Acórdão nº 340/14.1GBPSR.E1 de Tribunal da Relação de Évora, 24 de Janeiro de 2017

Magistrado ResponsávelJOÃO AMARO
Data da Resolução24 de Janeiro de 2017
EmissorTribunal da Relação de Évora

Acordam os Juízes, em conferência, na Secção Criminal do Tribunal da Relação de Évora: I - RELATÓRIO Nos autos de processo comum (tribunal singular) nº 340/14.1GBPSR, da Comarca de Portalegre (Ponte de Sor - Instância Local - Secção de Competência Genérica - Juiz 1), em que é arguido A., mediante pertinente sentença, foi decidido condenar o arguido, pela prática de um crime de condução de veículo em estado de embriaguez, p. e p. pelo artigo 292º, nº 1, do Código Penal, na pena de 120 dias de multa, à taxa diária de 10 euros (num total de 1200 euros), bem como na pena acessória de proibição de conduzir veículos com motor, pelo período de 7 meses.

O arguido, inconformado com a decisão condenatória, interpôs recurso, formulando as seguintes (transcritas) conclusões: “

  1. Deve ser alterado o facto provado 1º, passando o mesmo a ter a seguinte redação: «1.

    No dia 06 de Dezembro de 2016, pelas 21H30, na denominada Estrada de Abrantes, em Ponte de Sor, o arguido seguia apeado, transportando um velocípede à mão».

    B) Consequentemente deve ser eliminado o facto provado 3º.

  2. Provas, e passagens concretas dos depoimentos, que impõem tal alteração e eliminação: (

    1. Depoimento do arguido A., do dia 10/03/2016, das 10:33:44 às 10:42:52, minutos 1:52 a 3:45 e 6:47 a 7:32, ficheiro 20160310103332_968216_2871431.WMA; (b) Depoimento da testemunha LP do dia 10/03/2016, das 10:56:15 às 11:06:46minutos 7:10 e 7:54, do ficheiro 20160310105613_968216_2871431.WMA; (d) Talão de fls. 6; D) Com efeito, a testemunha FP, apesar de afirmar que viu o arguido a conduzir uma bicicleta, que caiu quando a testemunha o ultrapassou, a verdade é que não foi consistente nas suas declarações, nomeadamente no que concerne à hora dos factos.

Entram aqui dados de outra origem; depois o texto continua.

(* Consider the binary adder MAC and, for $\alpha\in[0,\frac12]$, the auxiliary channel $p_\alpha(u|y)$ from $\mathcal Y=\{0,1,2\}$ to $\mathcal U=\{0,1\}$ with $p_\alpha(0|0)=1-\alpha$, $p_\alpha(1|0)=\alpha$, $p_\alpha(0|1)=p_\alpha(1|1)=\frac12$, $p_\alpha(1|2)=1-\alpha$, $p_\alpha(0|2)=\alpha$. For bit-pipe capacities $C_1,C_2\ge0$, consider the optimization $$\max_{p(x_1,x_2)}\ \min_{0\le\alpha\le\frac12}\ \min\left\{\begin{array}{l} C_1+C_2,\\ C_1+I(X_2;Y|X_1),\\ C_2+I(X_1;Y|X_2),\\ I(X_1X_2;Y),\\ \tfrac12\big(C_1+C_2+I(X_1X_2;Y|U)+I(X_1;U|X_2)+I(X_2;U|X_1)\big)\end{array}\right\}$$ over pmfs $p(x_1,x_2)$ on $\{0,1\}^2$, with quantities evaluated for $p(x_1,x_2)p(y|x_1,x_2)p_\alpha(u|y)$. Then there is an optimizing $p(x_1,x_2)$ that is a doubly symmetric binary source.
   Context: The binary adder MAC has $\mathcal X_1=\mathcal X_2=\{0,1\}$, $\mathcal Y=\{0,1,2\}$ and $Y=X_1+X_2$ (deterministically). A pair $(X_1,X_2)$ is a doubly symmetric binary source with parameter $p$ if $p(0,0)=p(1,1)=\frac{1-p}{2}$ and $p(0,1)=p(1,0)=\frac p2$. Logarithms base 2. *)

From Stdlib Require Import Reals List Arith.
Import ListNotations.
Open Scope R_scope.

Definition b2n (b : bool) : nat := if b then 1%nat else 0%nat.
Definition adder (x1 x2 : bool) : nat := (b2n x1 + b2n x2)%nat.

Definition is_pmf2 (p : bool -> bool -> R) : Prop :=
  (forall a b, 0 <= p a b) /\
  p false false + p false true + p true false + p true true = 1.

Definition dsbs (q : R) (a b : bool) : R :=
  if Bool.eqb a b then (1 - q) / 2 else q / 2.

(** Auxiliary channel p_alpha(u|y), u in {0,1} encoded as bool (true = 1). *)
Definition aux_chan (alpha : R) (y : nat) (u : bool) : R :=
  match y with
  | O => if u then alpha else 1 - alpha
  | 1%nat => / 2
  | _ => if u then 1 - alpha else alpha
  end.

(** Sample space of (x1, x2, u); y = adder x1 x2 is determined. *)
Definition omegas : list (bool * bool * bool) :=
  [ (false,false,false); (false,false,true); (false,true,false); (false,true,true);
    (true,false,false); (true,false,true); (true,true,false); (true,true,true) ].

Definition joint (p : bool -> bool -> R) (alpha : R) (w : bool * bool * bool) : R :=
  let '(x1, x2, u) := w in p x1 x2 * aux_chan alpha (adder x1 x2) u.

(** A set of variables among (X1, X2, Y, U), given by inclusion flags;
    its value at an outcome is injectively coded as a nat < 24. *)
Record vars := Vars { vX1 : bool; vX2 : bool; vY : bool; vU : bool }.

Definition vunion (A B : vars) : vars :=
  Vars (vX1 A || vX1 B) (vX2 A || vX2 B) (vY A || vY B) (vU A || vU B).

Definition code (S : vars) (w : bool * bool * bool) : nat :=
  let '(x1, x2, u) := w in
  ((if vX1 S then b2n x1 else 0) + 2 * (if vX2 S then b2n x2 else 0)
   + 4 * (if vY S then adder x1 x2 else 0) + 12 * (if vU S then b2n u else 0))%nat.

Definition prob_eq (P : bool * bool * bool -> R) (S : vars) (v : nat) : R :=
  fold_right Rplus 0
    (map (fun w => if Nat.eq_dec (code S w) v then P w else 0) omegas).

Definition plogp (x : R) : R := if Rle_dec x 0 then 0 else x * (ln x / ln 2).

Definition Ent (P : bool * bool * bool -> R) (S : vars) : R :=
  - fold_right Rplus 0 (map (fun v => plogp (prob_eq P S v)) (seq 0 24)).

Definition CMI (P : bool * bool * bool -> R) (A B C : vars) : R :=
  Ent P (vunion A C) + Ent P (vunion B C) - Ent P (vunion (vunion A B) C) - Ent P C.

Definition V0  := Vars false false false false.
Definition VX1 := Vars true false false false.
Definition VX2 := Vars false true false false.
Definition VX12 := Vars true true false false.
Definition VY  := Vars false false true false.
Definition VU  := Vars false false false true.

Definition obj (C1 C2 : R) (p : bool -> bool -> R) (alpha : R) : R :=
  let P := joint p alpha in
  Rmin (C1 + C2)
  (Rmin (C1 + CMI P VX2 VY VX1)
  (Rmin (C2 + CMI P VX1 VY VX2)
  (Rmin (CMI P VX12 VY V0)
        (/ 2 * (C1 + C2 + CMI P VX12 VY VU + CMI P VX1 VU VX2 + CMI P VX2 VU VX1))))).

Definition is_min_alpha (C1 C2 : R) (p : bool -> bool -> R) (v : R) : Prop :=
  (forall a, 0 <= a <= / 2 -> v <= obj C1 C2 p a) /\
  (forall w, (forall a, 0 <= a <= / 2 -> w <= obj C1 C2 p a) -> w <= v).

(* For fixed alpha every term of the inner minimum is concave in the input pmf: it is a
   nonnegative combination of grouped entropies (x + y) H(x / (x + y)), jointly concave by the
   log-sum inequality, minus a term linear in p.  Every term is also invariant under complementing
   both inputs, since Y -> 2 - Y together with U -> 1 - U leaves the auxiliary channel unchanged.
   Averaging p with its complement therefore does not decrease the objective, and the average is
   the doubly symmetric binary source with q = p(0,1) + p(1,0).  It remains to optimise over q:
   the objective is continuous in q for each alpha, so q |-> inf_alpha is upper semicontinuous on
   [0, 1] and its supremum is attained at a cluster point of a maximising sequence. *)

From Stdlib Require Import Reals Lra Classical ClassicalEpsilon FunctionalExtensionality.
Open Scope R_scope.

Lemma ln2_pos : 0 < ln 2.
Proof. pose proof ln_lt_2; lra. Qed.

Lemma ln_le_sub1 x : 0 < x -> ln x <= x - 1.
Proof. intros Hx. pose proof (exp_ineq1_le (ln x)) as H. rewrite exp_ln in H; lra. Qed.

Lemma ln_le_mono x y : 0 < x -> x <= y -> ln x <= ln y.
Proof. intros Hx [Hlt | <-]; [left; apply ln_increasing | right]; auto. Qed.

Lemma plogp_nonpos x : x <= 0 -> plogp x = 0.
Proof. intros Hx. unfold plogp. destruct (Rle_dec x 0); [reflexivity | lra]. Qed.

Lemma plogp_pos x : 0 < x -> plogp x = x * (ln x / ln 2).
Proof. intros Hx. unfold plogp. destruct (Rle_dec x 0); [lra | reflexivity]. Qed.

Lemma plogp_0 : plogp 0 = 0.
Proof. apply plogp_nonpos; lra. Qed.

Lemma plogp_mul x k : 0 <= x -> 0 <= k -> plogp (x * k) = x * plogp k + k * plogp x.
Proof.
  intros [Hx | <-] [Hk | <-]; rewrite ?Rmult_0_l, ?Rmult_0_r, ?plogp_0; try ring.
  rewrite !plogp_pos, ln_mult by (try apply Rmult_lt_0_compat; lra).
  field. pose proof ln2_pos; lra.
Qed.

Definition xlogratio (x s : R) : R :=
  if Rle_dec x 0 then 0 else x * (ln s - ln x) / ln 2.

Lemma xlogratio_0 s : xlogratio 0 s = 0.
Proof. unfold xlogratio. destruct (Rle_dec 0 0); [reflexivity | lra]. Qed.

Lemma xlogratio_pos x s : 0 < x -> xlogratio x s = x * (ln s - ln x) / ln 2.
Proof. intros Hx. unfold xlogratio. destruct (Rle_dec x 0); [lra | reflexivity]. Qed.

Lemma plogp_xlogratio x s : 0 <= x -> 0 < s -> plogp x = x * (ln s / ln 2) - xlogratio x s.
Proof.
  intros [Hx | <-] Hs.
  - rewrite plogp_pos, xlogratio_pos by lra. field. pose proof ln2_pos; lra.
  - rewrite plogp_0, xlogratio_0. ring.
Qed.

Lemma xlogratio_mono_r x s s' : 0 < x <= s -> s <= s' -> xlogratio x s <= xlogratio x s'.
Proof.
  intros [Hx Hxs] Hss. rewrite !xlogratio_pos by lra.
  pose proof ln2_pos. pose proof (ln_le_mono s s' ltac:(lra) Hss).
  unfold Rdiv. apply Rmult_le_compat_r; [left; apply Rinv_0_lt_compat; lra | nra].
Qed.

Lemma gibbs_ineq x s X S : 0 < x -> 0 < s -> 0 < X -> 0 < S ->
  x * (ln s - ln x) <= x * (ln S - ln X) + (s * X / S - x).
Proof.
  intros Hx Hs HX HS.
  set (r := s * X / (x * S)).
  assert (Hr : 0 < r) by (unfold r, Rdiv; apply Rmult_lt_0_compat;
    [ | apply Rinv_0_lt_compat]; apply Rmult_lt_0_compat; lra).
  assert (Hln : ln r = ln s + ln X - ln x - ln S).
  { unfold r, Rdiv. rewrite ln_mult, ln_Rinv, !ln_mult; try ring;
      try apply Rinv_0_lt_compat; try apply Rmult_lt_0_compat; lra. }
  pose proof (ln_le_sub1 r Hr) as Hle.
  assert (Hxr : x * r = s * X / S) by (unfold r; field; lra).
  assert (0 <= x * (r - 1 - ln r)) by (apply Rmult_le_pos; lra).
  rewrite <- Hxr.
  replace (ln s - ln x) with (ln S - ln X + ln r) by lra.
  lra.
Qed.

Lemma log_sum_ineq x1 s1 x2 s2 : 0 <= x1 <= s1 -> 0 <= x2 <= s2 ->
  xlogratio x1 s1 + xlogratio x2 s2 <= xlogratio (x1 + x2) (s1 + s2).
Proof.
  intros [[H1 | <-] Hs1] [[H2 | <-] Hs2];
    rewrite ?Rplus_0_l, ?Rplus_0_r, ?xlogratio_0, ?Rplus_0_l, ?Rplus_0_r.
  - rewrite !xlogratio_pos by lra. pose proof ln2_pos.
    pose proof (gibbs_ineq x1 s1 (x1 + x2) (s1 + s2)) as G1.
    pose proof (gibbs_ineq x2 s2 (x1 + x2) (s1 + s2)) as G2.
    assert (Hsum : s1 * (x1 + x2) / (s1 + s2) + s2 * (x1 + x2) / (s1 + s2) = x1 + x2)
      by (field; lra).
    unfold Rdiv. rewrite <- Rmult_plus_distr_r.
    apply Rmult_le_compat_r; [left; apply Rinv_0_lt_compat |]; lra.
  - apply xlogratio_mono_r; lra.
  - rewrite Rplus_comm. apply xlogratio_mono_r; lra.
  - lra.
Qed.

(* (x + y) H(x / (x + y)) in bits: the entropy of the unnormalised mass vector (x, y). *)
Definition uent2 (x y : R) : R := plogp (x + y) - plogp x - plogp y.

Definition uent3 (x y z : R) : R := plogp (x + y + z) - plogp x - plogp y - plogp z.

Lemma uent3_chain x y z : uent3 x y z = uent2 x y + uent2 (x + y) z.
Proof. unfold uent3, uent2. ring. Qed.

Lemma uent2_comm x y : uent2 x y = uent2 y x.
Proof. unfold uent2. rewrite Rplus_comm. ring. Qed.

Lemma uent3_rev x y z : uent3 x y z = uent3 z y x.
Proof. unfold uent3. replace (z + y + x) with (x + y + z) by ring. ring. Qed.

Lemma uent2_xlogratio x y : 0 <= x -> 0 <= y ->
  uent2 x y = xlogratio x (x + y) + xlogratio y (x + y).
Proof.
  intros Hx Hy. unfold uent2. destruct (Req_dec (x + y) 0) as [E | E].
  - replace x with 0 by lra. replace y with 0 by lra.
    rewrite Rplus_0_l, plogp_0, xlogratio_0. ring.
  - rewrite (plogp_xlogratio x (x + y)), (plogp_xlogratio y (x + y)), (plogp_pos (x + y))
      by lra.
    ring.
Qed.

Lemma uent2_superadditive x1 y1 x2 y2 : 0 <= x1 -> 0 <= y1 -> 0 <= x2 -> 0 <= y2 ->
  uent2 x1 y1 + uent2 x2 y2 <= uent2 (x1 + x2) (y1 + y2).
Proof.
  intros. rewrite !uent2_xlogratio by lra.
  replace (x1 + x2 + (y1 + y2)) with ((x1 + y1) + (x2 + y2)) by ring.
  pose proof (log_sum_ineq x1 (x1 + y1) x2 (x2 + y2)).
  pose proof (log_sum_ineq y1 (x1 + y1) y2 (x2 + y2)).
  lra.
Qed.

Lemma uent2_homogeneous k x y : 0 <= k -> 0 <= x -> 0 <= y ->
  uent2 (k * x) (k * y) = k * uent2 x y.
Proof.
  intros. unfold uent2. rewrite <- Rmult_plus_distr_l, !plogp_mul by lra. ring.
Qed.

Lemma uent2_midpoint_concave x1 y1 x2 y2 x y :
  0 <= x1 -> 0 <= y1 -> 0 <= x2 -> 0 <= y2 -> x = (x1 + x2) / 2 -> y = (y1 + y2) / 2 ->
  uent2 x1 y1 + uent2 x2 y2 <= 2 * uent2 x y.
Proof.
  intros ? ? ? ? -> ->.
  replace ((x1 + x2) / 2) with (/ 2 * (x1 + x2)) by field.
  replace ((y1 + y2) / 2) with (/ 2 * (y1 + y2)) by field.
  rewrite uent2_homogeneous by lra.
  pose proof (uent2_superadditive x1 y1 x2 y2). field_simplify; lra.
Qed.

Lemma uent3_midpoint_concave x1 y1 z1 x2 y2 z2 x y z :
  0 <= x1 -> 0 <= y1 -> 0 <= z1 -> 0 <= x2 -> 0 <= y2 -> 0 <= z2 ->
  x = (x1 + x2) / 2 -> y = (y1 + y2) / 2 -> z = (z1 + z2) / 2 ->
  uent3 x1 y1 z1 + uent3 x2 y2 z2 <= 2 * uent3 x y z.
Proof.
  intros. rewrite !uent3_chain.
  pose proof (uent2_midpoint_concave x1 y1 x2 y2 x y).
  pose proof (uent2_midpoint_concave (x1 + y1) z1 (x2 + y2) z2 (x + y) z).
  lra.
Qed.

Definition pmf_of (a b c d : R) (x1 x2 : bool) : R :=
  if x1 then (if x2 then d else c) else (if x2 then b else a).

Ltac unfold_info :=
  cbv [CMI V0 VX1 VX2 VX12 VY VU Ent prob_eq omegas code joint vunion vX1 vX2 vY vU
       b2n adder List.map List.fold_right List.seq orb pmf_of];
  cbn [Nat.add Nat.mul Nat.eq_dec nat_rec nat_rect aux_chan];
  rewrite ?Rplus_0_l, ?Rplus_0_r, ?plogp_0, ?Rplus_0_l, ?Rplus_0_r.

Ltac plogp_ring :=
  repeat match goal with
  | |- ?L = ?R =>
    match R with
    | context [plogp ?y] =>
      match L with
      | context [plogp ?x] =>
        tryif constr_eq x y then fail
        else replace (plogp x) with (plogp y) by (f_equal; lra)
      end
    end
  end;
  ring.

(* In each formula the second group is the image of the first under complementing
   (x1, x2, u), i.e. under a <-> d, b <-> c, u <-> 1 - u. *)
Section MassVector.
Variables (a b c d al : R).
Hypotheses (Ha : 0 <= a) (Hb : 0 <= b) (Hc : 0 <= c) (Hd : 0 <= d) (Hal : 0 <= al <= 1).
Let P := joint (pmf_of a b c d) al.

Lemma cmi_X2_Y_X1 : CMI P VX2 VY VX1 = uent2 a b + uent2 d c.
Proof. unfold P. unfold_info. unfold uent2. plogp_ring. Qed.

Lemma cmi_X1_Y_X2 : CMI P VX1 VY VX2 = uent2 a c + uent2 d b.
Proof. unfold P. unfold_info. unfold uent2. plogp_ring. Qed.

      E) Sendo certo que esta versão é expressamente contrariada pelas declarações do arguido, que afirmou que, nesse dia e hora, não conduziu o velocípede, que transportava a bicicleta à mão, quando caiu, e ainda pela circunstância de os factos terem ocorrido em pleno mês de Dezembro, quando já estava noite cerrada (é facto notório que às 21H30 de um dia de Dezembro a noite é cerrada), pelo que a visibilidade é diminuta.

      F) Ora, o arguido podia perfeitamente levar a bicicleta à mão e ir aos “ss” e ter-se desequilibrado quando a testemunha por ele passou.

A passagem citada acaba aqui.